### SOURCE RECORDS

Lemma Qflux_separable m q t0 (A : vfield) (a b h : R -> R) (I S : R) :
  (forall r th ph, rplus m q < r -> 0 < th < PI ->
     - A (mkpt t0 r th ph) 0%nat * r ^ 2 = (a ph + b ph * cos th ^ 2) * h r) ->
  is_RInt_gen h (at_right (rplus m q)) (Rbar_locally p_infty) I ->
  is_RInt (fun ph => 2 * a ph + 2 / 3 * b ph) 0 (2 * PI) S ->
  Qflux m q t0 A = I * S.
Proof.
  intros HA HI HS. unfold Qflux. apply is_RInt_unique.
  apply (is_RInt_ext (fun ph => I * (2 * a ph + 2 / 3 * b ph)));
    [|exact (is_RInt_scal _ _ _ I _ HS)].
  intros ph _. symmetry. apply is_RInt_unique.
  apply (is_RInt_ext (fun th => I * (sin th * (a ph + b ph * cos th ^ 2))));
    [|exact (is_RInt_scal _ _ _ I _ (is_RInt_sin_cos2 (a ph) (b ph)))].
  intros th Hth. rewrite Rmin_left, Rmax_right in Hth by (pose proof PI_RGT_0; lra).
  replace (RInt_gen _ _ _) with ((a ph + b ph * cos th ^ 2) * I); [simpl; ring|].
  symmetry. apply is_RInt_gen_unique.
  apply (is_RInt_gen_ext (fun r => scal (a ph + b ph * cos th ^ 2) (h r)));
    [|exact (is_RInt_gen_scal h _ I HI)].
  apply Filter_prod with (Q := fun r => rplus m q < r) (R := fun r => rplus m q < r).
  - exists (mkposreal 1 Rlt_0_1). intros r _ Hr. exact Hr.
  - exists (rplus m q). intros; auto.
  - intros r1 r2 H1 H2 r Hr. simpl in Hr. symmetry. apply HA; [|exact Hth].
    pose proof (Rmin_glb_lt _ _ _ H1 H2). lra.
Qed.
...
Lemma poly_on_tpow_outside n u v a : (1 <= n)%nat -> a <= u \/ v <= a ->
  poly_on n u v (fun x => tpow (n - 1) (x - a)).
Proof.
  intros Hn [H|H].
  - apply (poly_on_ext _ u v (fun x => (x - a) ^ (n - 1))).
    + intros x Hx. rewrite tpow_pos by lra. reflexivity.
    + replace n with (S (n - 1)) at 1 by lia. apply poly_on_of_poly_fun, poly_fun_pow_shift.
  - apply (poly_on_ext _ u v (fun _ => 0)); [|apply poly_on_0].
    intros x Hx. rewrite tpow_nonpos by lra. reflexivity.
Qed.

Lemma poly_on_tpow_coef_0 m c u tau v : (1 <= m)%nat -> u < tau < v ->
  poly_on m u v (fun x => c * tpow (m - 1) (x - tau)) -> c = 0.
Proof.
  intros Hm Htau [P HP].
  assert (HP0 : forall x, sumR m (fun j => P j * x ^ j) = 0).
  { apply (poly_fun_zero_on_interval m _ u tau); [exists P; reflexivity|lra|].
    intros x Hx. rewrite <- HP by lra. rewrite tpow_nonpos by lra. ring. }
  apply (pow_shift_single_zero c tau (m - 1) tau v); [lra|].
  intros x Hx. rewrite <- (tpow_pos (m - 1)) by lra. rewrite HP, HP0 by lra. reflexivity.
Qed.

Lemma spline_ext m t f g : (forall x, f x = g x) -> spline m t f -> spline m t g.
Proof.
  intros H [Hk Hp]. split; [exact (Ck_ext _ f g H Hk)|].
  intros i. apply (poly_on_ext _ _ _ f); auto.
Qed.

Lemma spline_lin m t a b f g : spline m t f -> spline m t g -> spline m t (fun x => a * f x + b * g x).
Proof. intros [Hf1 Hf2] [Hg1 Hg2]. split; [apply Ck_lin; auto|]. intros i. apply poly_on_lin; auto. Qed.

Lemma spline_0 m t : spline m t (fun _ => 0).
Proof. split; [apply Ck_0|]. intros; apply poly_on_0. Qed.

### WHAT IS BEING ASKED
The answer should consist of every line from the listing above that includes the word "spline".

### ANSWER SPACE
Lemma spline_ext m t f g : (forall x, f x = g x) -> spline m t f -> spline m t g.
Lemma spline_lin m t a b f g : spline m t f -> spline m t g -> spline m t (fun x => a * f x + b * g x).
Lemma spline_0 m t : spline m t (fun _ => 0).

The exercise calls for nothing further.